■ **PROBLEM DESCRIPTION**:
Below are the records; give again exactly the line with "(* (U, le) is a partial order *)", the line with "le C1 C2 -> le C2 C3 -> le C1 C3) /\", and each line that lies between them, and nothing besides.
::: GIVEN DATA
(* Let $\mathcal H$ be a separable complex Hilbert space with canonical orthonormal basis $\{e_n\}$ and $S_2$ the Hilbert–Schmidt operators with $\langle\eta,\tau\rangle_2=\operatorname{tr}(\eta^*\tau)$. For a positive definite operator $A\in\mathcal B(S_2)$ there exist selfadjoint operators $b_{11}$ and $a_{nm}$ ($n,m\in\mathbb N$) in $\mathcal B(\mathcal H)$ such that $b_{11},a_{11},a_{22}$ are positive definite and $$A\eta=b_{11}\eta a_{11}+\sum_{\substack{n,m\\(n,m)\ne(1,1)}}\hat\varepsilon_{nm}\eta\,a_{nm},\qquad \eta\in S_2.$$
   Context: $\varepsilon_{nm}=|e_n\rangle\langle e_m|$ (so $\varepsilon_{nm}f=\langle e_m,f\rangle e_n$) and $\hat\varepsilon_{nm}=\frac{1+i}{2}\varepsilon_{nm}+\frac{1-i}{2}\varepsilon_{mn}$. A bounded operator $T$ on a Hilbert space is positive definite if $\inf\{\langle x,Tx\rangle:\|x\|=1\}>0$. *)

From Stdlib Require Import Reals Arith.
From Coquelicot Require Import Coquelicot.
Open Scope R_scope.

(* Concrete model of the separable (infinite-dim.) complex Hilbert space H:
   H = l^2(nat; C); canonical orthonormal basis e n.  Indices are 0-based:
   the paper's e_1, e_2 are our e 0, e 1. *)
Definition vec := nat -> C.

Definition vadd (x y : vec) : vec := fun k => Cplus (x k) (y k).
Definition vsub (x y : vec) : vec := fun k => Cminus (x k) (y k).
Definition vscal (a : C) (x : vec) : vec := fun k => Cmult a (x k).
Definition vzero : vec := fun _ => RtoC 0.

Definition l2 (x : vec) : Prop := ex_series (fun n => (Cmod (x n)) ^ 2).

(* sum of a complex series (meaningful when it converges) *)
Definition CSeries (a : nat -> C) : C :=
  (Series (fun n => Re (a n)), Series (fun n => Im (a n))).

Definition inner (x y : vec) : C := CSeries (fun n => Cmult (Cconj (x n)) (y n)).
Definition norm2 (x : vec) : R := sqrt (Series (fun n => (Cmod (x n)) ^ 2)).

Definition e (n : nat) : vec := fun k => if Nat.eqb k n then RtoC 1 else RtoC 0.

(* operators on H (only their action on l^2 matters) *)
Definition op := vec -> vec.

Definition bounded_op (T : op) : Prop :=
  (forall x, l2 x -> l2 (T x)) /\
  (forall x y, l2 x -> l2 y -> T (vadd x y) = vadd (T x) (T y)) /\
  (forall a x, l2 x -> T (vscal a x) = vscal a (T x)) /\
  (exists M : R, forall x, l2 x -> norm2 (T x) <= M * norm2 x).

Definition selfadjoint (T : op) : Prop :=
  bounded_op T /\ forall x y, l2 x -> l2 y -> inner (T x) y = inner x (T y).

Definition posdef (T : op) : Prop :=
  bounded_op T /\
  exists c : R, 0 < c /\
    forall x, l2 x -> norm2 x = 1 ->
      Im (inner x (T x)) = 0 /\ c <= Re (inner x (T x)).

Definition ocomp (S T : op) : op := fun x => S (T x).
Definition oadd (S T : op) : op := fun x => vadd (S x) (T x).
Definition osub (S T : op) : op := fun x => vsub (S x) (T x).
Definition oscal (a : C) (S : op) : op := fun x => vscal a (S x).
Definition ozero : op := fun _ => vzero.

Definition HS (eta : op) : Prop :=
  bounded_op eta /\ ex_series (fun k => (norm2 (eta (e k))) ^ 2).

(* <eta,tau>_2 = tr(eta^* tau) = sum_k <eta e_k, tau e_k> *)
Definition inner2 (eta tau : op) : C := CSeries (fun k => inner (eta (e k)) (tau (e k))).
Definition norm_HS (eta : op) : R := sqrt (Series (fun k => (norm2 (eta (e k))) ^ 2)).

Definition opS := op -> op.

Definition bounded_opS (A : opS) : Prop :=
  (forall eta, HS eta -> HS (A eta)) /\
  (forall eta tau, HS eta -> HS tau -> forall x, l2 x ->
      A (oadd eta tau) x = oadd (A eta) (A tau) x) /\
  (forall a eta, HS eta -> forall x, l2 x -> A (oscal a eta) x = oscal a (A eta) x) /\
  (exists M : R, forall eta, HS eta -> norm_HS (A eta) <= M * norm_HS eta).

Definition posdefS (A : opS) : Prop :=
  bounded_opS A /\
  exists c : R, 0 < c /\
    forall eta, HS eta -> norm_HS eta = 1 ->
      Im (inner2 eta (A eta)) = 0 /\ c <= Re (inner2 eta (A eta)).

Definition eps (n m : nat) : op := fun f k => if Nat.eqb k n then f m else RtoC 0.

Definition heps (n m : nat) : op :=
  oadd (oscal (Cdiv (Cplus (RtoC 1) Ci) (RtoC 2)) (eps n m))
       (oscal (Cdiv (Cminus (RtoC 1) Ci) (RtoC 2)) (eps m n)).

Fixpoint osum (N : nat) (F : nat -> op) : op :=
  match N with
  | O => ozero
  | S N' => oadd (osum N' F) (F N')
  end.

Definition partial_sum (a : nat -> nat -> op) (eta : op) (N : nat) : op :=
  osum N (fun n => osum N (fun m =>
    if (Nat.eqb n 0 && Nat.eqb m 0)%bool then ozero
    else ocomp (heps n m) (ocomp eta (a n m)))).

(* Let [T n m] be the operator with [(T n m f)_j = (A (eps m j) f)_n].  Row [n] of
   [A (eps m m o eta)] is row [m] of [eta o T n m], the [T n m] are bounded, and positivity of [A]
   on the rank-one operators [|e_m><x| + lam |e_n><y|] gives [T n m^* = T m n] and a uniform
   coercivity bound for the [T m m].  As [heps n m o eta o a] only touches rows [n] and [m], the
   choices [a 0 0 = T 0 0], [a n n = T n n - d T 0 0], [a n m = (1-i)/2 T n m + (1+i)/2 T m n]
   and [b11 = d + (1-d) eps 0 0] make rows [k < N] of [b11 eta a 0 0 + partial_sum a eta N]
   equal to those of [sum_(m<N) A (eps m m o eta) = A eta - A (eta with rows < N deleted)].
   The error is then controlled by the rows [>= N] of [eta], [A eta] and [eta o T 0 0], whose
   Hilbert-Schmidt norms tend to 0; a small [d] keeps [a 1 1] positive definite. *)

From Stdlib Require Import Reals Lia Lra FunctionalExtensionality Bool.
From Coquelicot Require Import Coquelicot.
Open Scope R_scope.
::::::
::: GIVEN DATA
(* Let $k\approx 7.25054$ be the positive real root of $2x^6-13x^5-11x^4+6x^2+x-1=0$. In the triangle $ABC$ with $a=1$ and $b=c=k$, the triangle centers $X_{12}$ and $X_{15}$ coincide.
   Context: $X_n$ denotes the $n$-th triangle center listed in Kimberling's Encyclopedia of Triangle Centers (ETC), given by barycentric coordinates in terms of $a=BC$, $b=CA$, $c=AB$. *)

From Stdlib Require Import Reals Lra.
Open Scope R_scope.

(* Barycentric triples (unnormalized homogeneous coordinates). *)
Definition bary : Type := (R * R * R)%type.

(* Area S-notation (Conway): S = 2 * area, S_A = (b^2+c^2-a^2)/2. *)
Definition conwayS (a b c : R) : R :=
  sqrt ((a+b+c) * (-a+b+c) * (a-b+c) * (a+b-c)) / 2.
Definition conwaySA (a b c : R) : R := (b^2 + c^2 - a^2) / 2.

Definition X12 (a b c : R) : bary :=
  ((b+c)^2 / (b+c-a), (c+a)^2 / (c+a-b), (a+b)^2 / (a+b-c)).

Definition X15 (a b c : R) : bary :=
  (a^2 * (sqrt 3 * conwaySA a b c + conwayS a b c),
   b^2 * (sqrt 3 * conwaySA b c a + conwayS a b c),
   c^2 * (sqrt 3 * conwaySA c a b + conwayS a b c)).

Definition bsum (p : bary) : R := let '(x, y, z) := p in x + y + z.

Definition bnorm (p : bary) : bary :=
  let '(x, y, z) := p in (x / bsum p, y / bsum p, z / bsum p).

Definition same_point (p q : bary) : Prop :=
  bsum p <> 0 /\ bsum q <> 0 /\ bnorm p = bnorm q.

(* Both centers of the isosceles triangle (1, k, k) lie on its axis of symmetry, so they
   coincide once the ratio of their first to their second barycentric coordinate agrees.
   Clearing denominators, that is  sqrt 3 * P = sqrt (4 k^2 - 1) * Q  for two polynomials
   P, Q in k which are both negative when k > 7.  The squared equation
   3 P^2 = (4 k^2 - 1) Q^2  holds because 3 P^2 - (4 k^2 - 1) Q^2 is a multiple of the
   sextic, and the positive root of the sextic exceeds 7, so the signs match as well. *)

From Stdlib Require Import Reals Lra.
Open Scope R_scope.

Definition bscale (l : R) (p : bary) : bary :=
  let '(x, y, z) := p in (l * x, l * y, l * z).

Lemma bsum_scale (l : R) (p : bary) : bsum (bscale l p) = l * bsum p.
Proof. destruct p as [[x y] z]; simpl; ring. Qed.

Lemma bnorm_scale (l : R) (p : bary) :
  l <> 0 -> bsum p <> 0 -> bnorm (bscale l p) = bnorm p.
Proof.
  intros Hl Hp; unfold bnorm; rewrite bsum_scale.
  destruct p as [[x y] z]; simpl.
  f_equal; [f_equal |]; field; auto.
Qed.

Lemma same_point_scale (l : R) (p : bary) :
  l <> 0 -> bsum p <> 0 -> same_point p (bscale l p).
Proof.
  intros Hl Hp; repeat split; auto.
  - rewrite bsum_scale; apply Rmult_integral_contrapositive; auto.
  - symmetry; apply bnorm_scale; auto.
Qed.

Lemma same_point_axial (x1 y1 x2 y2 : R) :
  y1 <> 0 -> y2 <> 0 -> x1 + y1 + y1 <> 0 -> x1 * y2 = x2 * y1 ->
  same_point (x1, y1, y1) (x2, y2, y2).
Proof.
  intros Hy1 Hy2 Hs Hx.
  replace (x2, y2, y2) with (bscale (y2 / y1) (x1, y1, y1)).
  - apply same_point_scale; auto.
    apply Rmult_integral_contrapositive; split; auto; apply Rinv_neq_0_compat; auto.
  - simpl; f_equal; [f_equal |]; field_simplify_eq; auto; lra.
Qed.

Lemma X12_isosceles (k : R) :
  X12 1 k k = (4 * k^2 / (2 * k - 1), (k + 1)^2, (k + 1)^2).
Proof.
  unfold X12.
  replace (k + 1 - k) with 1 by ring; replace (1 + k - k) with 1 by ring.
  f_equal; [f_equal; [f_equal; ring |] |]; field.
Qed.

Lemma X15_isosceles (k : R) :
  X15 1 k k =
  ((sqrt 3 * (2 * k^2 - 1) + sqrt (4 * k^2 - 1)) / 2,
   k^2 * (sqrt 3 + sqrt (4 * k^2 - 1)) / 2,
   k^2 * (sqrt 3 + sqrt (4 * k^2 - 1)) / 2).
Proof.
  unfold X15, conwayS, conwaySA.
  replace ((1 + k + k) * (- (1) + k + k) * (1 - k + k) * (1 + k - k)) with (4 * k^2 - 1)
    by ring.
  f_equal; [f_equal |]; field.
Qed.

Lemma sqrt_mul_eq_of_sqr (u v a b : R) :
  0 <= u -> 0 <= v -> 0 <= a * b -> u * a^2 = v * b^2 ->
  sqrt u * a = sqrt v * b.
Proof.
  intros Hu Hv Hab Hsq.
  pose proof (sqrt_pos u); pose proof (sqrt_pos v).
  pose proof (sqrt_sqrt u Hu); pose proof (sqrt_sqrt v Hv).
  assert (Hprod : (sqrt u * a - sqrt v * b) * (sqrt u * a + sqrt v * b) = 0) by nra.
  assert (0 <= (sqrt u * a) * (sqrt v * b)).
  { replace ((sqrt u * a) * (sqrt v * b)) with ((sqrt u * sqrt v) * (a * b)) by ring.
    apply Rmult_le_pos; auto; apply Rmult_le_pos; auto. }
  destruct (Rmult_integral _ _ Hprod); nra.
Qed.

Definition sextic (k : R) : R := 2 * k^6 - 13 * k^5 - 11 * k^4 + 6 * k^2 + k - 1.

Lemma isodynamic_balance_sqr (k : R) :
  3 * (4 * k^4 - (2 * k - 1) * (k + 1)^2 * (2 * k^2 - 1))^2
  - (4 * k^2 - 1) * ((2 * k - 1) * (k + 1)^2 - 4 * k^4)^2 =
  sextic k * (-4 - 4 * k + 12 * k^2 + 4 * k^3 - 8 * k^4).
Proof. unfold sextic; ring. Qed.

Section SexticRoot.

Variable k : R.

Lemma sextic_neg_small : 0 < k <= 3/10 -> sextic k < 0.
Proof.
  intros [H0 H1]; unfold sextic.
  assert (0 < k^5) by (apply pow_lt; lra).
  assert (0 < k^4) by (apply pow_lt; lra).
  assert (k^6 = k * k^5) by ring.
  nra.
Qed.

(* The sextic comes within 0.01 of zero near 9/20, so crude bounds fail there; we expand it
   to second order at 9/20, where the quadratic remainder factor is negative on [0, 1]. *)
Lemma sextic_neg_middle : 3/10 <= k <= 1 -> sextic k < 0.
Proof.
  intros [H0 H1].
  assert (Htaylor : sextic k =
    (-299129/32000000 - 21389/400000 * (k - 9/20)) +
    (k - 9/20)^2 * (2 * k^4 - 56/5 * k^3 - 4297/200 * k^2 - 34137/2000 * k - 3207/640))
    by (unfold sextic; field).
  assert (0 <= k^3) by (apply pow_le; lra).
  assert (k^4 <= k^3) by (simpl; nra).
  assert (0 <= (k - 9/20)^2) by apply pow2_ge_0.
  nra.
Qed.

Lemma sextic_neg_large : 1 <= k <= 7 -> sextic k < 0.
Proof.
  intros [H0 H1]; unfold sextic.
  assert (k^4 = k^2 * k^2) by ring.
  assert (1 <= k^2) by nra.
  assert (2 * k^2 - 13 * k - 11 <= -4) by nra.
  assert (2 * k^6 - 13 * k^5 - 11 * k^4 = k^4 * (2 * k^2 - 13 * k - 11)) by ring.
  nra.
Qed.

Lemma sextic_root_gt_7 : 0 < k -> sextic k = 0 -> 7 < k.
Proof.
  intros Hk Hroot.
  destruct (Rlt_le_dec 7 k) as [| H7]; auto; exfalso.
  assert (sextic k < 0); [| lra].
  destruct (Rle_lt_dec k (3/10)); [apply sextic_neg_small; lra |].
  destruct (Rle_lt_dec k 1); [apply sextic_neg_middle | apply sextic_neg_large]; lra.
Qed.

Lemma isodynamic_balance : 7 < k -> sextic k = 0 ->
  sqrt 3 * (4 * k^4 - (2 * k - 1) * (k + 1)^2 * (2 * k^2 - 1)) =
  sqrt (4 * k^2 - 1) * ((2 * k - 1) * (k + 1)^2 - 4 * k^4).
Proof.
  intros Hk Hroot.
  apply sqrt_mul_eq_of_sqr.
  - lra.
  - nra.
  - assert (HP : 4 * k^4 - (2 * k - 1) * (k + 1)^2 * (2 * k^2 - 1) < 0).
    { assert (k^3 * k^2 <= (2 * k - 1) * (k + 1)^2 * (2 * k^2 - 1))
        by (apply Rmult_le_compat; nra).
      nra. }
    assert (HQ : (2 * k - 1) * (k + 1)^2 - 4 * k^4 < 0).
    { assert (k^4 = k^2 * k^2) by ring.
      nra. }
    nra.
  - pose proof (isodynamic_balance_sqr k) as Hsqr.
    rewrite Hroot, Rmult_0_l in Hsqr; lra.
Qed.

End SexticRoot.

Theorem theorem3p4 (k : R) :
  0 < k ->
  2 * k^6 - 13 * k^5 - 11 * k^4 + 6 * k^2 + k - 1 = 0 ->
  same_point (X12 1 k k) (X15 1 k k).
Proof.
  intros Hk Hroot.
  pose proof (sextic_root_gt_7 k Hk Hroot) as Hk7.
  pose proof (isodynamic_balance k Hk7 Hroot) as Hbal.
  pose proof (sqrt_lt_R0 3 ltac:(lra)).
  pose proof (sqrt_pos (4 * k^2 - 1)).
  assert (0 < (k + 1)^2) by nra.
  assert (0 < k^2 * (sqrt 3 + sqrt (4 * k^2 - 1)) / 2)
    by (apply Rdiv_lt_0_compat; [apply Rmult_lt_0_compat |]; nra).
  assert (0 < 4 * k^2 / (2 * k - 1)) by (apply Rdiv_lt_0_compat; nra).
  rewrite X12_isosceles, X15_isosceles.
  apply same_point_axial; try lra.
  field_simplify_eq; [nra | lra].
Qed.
::::::
::: GIVEN DATA
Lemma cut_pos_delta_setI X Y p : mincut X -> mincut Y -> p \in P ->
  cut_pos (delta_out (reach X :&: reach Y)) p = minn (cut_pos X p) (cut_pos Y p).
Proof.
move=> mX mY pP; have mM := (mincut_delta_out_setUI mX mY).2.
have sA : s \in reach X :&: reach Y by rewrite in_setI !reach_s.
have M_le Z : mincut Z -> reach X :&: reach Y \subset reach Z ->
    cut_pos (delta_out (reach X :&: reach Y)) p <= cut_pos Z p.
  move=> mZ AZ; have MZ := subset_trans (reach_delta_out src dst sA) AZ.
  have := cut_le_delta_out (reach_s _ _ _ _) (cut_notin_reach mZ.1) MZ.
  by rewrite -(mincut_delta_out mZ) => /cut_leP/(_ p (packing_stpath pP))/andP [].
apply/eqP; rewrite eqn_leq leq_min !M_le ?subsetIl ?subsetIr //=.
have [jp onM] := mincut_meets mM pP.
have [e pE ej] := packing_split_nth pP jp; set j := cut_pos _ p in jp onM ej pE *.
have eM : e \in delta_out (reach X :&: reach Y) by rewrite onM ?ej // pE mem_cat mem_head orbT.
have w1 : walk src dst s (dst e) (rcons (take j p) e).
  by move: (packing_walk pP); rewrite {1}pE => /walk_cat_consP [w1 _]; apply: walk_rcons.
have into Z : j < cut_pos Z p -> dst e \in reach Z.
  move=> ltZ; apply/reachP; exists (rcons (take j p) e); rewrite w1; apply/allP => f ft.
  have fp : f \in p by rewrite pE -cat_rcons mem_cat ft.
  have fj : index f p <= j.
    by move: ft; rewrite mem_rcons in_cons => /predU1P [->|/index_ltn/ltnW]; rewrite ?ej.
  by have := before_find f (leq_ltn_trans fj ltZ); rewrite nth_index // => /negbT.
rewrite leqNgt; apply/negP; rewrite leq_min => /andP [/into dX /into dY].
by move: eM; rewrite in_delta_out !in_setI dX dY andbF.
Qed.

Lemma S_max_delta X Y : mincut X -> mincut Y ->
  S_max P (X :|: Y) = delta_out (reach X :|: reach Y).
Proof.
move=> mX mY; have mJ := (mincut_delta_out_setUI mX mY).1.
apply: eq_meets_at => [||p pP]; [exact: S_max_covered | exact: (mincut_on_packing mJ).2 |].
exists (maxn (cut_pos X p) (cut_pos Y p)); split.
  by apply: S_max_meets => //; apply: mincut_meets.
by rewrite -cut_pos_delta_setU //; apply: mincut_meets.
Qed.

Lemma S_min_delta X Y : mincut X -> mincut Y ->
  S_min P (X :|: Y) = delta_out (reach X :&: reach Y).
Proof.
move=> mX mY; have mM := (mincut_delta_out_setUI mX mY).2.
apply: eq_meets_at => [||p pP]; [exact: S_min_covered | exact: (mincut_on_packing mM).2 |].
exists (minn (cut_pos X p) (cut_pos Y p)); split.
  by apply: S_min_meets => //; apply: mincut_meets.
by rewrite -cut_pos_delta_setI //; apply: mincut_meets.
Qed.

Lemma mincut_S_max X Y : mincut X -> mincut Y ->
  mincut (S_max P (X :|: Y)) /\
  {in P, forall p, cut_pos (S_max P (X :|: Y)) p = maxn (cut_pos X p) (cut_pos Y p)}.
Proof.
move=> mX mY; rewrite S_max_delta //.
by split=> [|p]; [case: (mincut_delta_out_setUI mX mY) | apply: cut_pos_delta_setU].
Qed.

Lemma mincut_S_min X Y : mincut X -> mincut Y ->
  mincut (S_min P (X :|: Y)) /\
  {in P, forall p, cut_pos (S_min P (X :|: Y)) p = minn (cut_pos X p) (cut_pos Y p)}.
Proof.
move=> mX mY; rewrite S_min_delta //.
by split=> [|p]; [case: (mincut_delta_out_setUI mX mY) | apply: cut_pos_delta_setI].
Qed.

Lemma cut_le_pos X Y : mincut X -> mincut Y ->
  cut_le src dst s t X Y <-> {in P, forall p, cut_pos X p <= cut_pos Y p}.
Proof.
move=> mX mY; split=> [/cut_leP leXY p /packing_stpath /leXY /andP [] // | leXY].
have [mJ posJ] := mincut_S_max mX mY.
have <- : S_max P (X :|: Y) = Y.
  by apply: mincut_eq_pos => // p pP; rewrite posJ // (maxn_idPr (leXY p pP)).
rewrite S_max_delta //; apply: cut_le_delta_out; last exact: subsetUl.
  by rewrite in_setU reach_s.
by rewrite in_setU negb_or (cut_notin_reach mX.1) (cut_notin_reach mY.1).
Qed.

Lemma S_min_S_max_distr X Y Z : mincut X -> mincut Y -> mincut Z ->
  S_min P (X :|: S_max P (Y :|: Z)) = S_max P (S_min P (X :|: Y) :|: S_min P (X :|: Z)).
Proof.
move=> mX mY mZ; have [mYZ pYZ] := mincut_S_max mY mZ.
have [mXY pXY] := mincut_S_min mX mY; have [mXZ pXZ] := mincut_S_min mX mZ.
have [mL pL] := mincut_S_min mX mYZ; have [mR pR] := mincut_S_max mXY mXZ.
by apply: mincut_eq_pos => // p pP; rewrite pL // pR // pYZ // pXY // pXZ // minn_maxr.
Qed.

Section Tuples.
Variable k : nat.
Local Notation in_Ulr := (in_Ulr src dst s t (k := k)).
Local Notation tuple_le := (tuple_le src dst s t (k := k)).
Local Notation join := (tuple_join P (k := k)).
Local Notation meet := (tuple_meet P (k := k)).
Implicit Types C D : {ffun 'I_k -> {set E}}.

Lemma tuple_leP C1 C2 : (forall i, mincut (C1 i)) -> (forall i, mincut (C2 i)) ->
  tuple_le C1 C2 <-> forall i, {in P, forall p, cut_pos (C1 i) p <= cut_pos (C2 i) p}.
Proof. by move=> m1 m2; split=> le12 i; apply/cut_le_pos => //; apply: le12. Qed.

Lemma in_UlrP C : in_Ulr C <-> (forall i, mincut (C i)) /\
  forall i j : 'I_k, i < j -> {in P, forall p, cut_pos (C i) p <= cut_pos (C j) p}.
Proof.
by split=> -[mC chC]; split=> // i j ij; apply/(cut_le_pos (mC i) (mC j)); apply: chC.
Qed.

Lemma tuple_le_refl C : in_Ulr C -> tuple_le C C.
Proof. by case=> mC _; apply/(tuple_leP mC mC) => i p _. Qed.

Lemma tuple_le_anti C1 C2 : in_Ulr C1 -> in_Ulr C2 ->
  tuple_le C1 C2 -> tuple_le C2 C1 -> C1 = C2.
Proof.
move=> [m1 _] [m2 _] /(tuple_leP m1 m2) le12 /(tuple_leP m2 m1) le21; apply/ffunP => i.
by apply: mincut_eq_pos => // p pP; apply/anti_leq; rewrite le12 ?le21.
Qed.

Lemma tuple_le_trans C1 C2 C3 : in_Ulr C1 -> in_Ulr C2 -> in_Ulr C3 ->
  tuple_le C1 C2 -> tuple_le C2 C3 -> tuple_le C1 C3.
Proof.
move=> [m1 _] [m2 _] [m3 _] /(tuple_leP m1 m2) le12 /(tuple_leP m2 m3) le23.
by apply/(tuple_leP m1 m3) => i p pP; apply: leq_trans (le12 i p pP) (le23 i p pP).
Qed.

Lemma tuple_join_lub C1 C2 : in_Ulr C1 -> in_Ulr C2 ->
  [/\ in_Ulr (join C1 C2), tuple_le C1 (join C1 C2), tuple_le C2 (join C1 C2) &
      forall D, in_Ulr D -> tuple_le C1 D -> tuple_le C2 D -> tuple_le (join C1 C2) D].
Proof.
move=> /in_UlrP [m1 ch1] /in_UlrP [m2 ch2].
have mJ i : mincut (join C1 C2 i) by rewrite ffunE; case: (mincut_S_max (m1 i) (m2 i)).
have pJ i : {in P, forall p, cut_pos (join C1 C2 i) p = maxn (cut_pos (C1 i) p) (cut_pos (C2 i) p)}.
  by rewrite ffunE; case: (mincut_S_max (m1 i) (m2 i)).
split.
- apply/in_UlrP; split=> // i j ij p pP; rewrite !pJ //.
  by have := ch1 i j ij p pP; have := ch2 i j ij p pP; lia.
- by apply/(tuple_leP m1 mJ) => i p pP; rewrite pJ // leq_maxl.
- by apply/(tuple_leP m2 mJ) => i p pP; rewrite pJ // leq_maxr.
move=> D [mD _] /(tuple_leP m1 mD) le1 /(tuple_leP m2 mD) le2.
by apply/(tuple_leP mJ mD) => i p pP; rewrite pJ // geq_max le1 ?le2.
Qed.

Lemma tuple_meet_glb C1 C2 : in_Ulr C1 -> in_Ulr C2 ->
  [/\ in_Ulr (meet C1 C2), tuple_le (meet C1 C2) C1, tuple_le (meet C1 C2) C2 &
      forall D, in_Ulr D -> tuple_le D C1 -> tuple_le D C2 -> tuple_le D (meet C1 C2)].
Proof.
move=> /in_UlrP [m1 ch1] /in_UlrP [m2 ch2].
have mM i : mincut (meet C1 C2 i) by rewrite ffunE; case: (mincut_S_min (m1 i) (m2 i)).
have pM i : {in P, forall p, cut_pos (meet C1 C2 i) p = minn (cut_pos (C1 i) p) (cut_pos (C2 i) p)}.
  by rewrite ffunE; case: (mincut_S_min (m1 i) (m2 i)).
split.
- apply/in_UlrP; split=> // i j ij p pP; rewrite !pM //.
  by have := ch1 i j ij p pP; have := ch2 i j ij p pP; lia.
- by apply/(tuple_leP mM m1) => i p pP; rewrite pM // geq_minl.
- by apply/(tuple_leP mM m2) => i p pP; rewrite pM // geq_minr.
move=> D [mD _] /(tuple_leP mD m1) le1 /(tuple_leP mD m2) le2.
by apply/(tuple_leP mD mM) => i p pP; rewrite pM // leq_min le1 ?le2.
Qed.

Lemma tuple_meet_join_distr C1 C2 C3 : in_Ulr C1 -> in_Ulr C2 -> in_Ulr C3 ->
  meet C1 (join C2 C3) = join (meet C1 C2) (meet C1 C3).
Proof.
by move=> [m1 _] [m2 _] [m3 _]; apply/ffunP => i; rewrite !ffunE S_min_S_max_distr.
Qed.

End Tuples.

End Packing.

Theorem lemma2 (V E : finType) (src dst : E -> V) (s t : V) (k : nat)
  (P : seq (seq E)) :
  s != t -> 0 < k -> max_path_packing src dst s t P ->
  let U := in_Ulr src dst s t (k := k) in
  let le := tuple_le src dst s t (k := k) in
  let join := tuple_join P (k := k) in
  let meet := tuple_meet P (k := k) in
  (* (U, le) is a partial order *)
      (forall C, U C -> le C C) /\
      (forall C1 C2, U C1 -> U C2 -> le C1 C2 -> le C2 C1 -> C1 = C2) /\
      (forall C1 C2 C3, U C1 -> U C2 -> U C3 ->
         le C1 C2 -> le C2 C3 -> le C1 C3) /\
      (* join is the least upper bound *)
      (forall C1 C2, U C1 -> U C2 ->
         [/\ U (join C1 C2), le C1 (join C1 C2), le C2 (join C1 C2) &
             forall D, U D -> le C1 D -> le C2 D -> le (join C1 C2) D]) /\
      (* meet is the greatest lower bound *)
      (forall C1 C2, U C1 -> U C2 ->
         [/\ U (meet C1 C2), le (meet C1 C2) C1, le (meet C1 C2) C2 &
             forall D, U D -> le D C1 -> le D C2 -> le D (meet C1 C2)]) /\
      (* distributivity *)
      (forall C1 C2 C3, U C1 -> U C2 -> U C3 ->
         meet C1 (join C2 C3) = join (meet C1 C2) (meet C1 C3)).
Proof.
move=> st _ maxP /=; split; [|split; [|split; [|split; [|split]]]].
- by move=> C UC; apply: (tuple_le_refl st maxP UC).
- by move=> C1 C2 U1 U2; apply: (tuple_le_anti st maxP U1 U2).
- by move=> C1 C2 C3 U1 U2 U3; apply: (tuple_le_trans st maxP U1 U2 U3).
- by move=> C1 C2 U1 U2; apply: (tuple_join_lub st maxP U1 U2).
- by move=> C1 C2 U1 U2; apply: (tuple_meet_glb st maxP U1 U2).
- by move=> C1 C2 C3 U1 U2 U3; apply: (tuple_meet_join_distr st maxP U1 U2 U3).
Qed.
::::::
■ **ANSWER TO THE PROBLEM**:
  (* (U, le) is a partial order *)
      (forall C, U C -> le C C) /\
      (forall C1 C2, U C1 -> U C2 -> le C1 C2 -> le C2 C1 -> C1 = C2) /\
      (forall C1 C2 C3, U C1 -> U C2 -> U C3 ->
         le C1 C2 -> le C2 C3 -> le C1 C3) /\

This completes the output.